==== DATASET CONTENT ====
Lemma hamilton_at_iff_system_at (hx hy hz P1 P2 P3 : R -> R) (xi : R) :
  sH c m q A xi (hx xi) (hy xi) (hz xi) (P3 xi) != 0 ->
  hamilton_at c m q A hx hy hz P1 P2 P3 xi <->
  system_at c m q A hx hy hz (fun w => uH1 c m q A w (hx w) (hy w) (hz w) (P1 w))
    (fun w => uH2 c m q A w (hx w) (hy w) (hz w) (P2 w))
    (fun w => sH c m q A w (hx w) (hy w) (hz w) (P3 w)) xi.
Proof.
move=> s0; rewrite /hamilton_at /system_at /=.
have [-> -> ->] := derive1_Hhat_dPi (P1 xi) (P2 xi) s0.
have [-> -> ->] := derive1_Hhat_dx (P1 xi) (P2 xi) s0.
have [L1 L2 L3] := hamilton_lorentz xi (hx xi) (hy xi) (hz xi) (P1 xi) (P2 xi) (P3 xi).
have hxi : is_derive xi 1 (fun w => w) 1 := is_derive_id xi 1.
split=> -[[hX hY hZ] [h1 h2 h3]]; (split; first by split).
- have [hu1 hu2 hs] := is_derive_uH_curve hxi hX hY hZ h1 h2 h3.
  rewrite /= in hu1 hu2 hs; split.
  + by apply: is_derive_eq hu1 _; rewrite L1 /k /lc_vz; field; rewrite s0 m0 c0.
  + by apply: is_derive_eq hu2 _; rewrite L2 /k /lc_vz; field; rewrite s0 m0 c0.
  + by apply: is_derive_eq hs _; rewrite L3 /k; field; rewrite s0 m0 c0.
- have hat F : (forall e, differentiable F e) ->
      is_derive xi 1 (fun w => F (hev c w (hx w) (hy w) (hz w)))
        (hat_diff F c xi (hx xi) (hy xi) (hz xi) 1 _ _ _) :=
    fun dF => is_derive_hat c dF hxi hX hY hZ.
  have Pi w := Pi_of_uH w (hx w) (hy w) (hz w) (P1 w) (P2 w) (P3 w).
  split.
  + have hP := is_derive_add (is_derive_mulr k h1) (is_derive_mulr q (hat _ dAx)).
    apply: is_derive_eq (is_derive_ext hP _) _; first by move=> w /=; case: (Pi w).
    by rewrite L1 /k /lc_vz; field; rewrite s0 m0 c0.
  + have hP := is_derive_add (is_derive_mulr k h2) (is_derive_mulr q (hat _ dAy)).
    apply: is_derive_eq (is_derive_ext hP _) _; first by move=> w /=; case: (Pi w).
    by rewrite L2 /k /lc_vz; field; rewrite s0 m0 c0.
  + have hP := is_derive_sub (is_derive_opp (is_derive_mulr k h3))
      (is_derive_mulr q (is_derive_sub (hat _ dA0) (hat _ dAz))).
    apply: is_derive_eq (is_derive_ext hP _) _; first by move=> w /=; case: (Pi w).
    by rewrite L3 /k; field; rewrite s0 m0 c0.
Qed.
====
==== DATASET CONTENT ====
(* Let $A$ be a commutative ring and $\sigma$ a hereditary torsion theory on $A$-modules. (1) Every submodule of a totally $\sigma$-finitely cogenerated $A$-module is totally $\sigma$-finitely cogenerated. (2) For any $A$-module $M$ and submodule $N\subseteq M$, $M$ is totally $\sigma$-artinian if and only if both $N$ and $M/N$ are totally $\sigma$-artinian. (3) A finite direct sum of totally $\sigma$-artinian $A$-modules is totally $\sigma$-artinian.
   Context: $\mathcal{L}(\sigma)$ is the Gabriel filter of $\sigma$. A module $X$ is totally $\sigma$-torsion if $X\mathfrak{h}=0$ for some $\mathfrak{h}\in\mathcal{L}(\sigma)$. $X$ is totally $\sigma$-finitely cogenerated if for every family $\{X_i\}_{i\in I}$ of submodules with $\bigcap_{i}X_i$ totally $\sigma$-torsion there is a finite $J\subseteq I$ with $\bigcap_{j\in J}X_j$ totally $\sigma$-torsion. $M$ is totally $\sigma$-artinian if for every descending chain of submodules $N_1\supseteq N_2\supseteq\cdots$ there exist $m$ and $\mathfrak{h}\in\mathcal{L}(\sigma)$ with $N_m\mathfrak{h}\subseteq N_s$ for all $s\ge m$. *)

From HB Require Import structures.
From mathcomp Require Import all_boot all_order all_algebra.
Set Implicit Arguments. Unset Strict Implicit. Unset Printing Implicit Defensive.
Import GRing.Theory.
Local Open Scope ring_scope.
====
==== DATASET CONTENT ====
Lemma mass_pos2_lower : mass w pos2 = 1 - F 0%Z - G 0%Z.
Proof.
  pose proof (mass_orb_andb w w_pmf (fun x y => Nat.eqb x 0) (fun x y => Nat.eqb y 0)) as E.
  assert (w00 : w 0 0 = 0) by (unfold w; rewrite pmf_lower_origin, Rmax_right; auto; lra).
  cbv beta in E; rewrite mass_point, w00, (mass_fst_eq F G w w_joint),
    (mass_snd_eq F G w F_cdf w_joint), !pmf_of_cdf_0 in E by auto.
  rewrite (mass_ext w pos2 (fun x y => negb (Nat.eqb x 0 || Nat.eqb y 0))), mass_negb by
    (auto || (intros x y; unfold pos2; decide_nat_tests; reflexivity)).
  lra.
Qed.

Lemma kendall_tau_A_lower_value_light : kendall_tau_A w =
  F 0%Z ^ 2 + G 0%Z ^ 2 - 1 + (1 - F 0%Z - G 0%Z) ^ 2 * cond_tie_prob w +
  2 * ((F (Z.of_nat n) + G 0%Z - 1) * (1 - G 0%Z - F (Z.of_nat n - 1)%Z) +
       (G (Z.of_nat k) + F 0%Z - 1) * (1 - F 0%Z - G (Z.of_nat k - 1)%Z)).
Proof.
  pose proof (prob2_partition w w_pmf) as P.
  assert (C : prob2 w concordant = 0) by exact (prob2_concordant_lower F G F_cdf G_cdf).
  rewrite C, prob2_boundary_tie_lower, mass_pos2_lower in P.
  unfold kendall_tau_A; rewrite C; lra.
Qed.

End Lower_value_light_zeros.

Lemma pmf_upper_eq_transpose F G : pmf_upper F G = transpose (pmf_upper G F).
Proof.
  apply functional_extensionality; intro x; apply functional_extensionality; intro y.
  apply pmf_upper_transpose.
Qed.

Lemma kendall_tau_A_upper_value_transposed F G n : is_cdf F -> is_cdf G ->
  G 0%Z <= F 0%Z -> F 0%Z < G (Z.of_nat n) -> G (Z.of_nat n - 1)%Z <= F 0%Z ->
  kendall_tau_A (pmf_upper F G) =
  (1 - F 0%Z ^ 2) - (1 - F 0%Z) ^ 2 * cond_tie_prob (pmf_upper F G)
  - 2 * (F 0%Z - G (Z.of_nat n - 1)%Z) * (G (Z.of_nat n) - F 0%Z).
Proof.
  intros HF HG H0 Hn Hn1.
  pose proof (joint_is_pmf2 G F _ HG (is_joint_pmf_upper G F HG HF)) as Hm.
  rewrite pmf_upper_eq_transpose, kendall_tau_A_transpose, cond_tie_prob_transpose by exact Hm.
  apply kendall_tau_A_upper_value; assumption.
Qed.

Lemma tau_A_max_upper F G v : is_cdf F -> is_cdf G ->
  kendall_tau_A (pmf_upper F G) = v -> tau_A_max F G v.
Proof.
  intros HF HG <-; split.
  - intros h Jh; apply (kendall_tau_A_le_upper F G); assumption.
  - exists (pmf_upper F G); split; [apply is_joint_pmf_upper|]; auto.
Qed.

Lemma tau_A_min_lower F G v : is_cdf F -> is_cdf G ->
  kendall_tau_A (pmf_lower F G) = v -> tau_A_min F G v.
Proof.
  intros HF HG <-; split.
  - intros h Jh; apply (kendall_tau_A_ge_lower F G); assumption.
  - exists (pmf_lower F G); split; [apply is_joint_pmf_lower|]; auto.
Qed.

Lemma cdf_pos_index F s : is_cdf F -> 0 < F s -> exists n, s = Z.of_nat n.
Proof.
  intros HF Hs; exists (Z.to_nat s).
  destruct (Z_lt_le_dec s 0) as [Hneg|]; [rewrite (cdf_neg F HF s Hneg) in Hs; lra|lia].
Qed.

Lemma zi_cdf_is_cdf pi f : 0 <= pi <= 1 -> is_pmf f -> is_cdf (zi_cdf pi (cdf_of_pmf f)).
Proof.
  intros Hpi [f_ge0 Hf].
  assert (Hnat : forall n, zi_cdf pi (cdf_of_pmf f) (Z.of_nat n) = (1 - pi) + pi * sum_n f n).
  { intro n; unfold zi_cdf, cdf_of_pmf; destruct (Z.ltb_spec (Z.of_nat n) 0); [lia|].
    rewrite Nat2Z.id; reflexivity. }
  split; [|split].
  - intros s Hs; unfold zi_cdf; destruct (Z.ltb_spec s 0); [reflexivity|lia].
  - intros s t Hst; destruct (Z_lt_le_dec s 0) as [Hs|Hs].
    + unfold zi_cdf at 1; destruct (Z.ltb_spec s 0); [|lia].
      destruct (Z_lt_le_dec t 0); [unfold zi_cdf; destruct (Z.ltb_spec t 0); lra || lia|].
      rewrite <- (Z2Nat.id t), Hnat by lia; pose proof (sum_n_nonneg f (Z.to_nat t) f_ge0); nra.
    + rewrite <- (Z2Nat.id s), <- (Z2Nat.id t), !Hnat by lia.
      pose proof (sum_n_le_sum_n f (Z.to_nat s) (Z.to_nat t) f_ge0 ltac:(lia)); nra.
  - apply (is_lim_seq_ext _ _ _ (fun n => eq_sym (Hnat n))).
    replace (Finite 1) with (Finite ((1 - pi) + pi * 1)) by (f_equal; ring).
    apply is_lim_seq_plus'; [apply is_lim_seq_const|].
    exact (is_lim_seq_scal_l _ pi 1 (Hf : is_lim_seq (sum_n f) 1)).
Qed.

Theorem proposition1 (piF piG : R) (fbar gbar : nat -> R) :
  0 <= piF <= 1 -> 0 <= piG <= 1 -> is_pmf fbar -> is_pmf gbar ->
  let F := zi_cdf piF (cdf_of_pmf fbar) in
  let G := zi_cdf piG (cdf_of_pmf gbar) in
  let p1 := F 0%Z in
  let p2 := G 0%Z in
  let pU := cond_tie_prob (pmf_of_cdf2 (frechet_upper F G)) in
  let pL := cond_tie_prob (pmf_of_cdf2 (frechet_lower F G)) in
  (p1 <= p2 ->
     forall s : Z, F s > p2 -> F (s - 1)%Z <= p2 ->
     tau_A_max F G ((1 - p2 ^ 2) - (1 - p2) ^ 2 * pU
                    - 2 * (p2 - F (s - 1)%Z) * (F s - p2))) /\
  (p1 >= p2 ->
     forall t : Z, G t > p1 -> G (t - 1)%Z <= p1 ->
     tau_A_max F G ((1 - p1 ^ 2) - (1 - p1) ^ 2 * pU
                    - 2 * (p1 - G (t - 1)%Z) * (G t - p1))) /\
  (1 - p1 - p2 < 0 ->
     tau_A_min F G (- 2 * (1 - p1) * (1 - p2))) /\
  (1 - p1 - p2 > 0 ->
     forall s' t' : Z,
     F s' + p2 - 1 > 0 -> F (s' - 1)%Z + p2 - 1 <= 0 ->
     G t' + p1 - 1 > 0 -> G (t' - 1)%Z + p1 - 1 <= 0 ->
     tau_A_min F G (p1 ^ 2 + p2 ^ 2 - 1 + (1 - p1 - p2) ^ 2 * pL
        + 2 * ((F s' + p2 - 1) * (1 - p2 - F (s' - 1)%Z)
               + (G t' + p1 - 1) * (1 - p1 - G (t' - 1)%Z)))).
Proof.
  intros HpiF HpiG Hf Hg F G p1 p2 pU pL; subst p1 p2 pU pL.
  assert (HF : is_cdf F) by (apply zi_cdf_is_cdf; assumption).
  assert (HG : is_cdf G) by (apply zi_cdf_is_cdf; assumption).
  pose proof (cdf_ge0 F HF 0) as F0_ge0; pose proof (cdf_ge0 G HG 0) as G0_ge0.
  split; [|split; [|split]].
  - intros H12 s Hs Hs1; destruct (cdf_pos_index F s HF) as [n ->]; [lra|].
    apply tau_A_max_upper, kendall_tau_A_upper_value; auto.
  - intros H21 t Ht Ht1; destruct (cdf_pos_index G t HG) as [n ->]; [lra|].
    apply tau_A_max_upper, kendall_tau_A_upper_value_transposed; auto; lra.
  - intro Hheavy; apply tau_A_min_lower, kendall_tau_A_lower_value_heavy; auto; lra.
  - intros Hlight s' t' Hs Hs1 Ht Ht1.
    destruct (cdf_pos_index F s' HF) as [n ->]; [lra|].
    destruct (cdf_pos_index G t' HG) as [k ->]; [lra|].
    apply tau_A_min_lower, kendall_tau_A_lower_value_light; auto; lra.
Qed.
====
TASK TO CARRY OUT: Count the lines of the data that hold the word "forall". Report the count and nothing more.

REPLY TO THE TASK: 5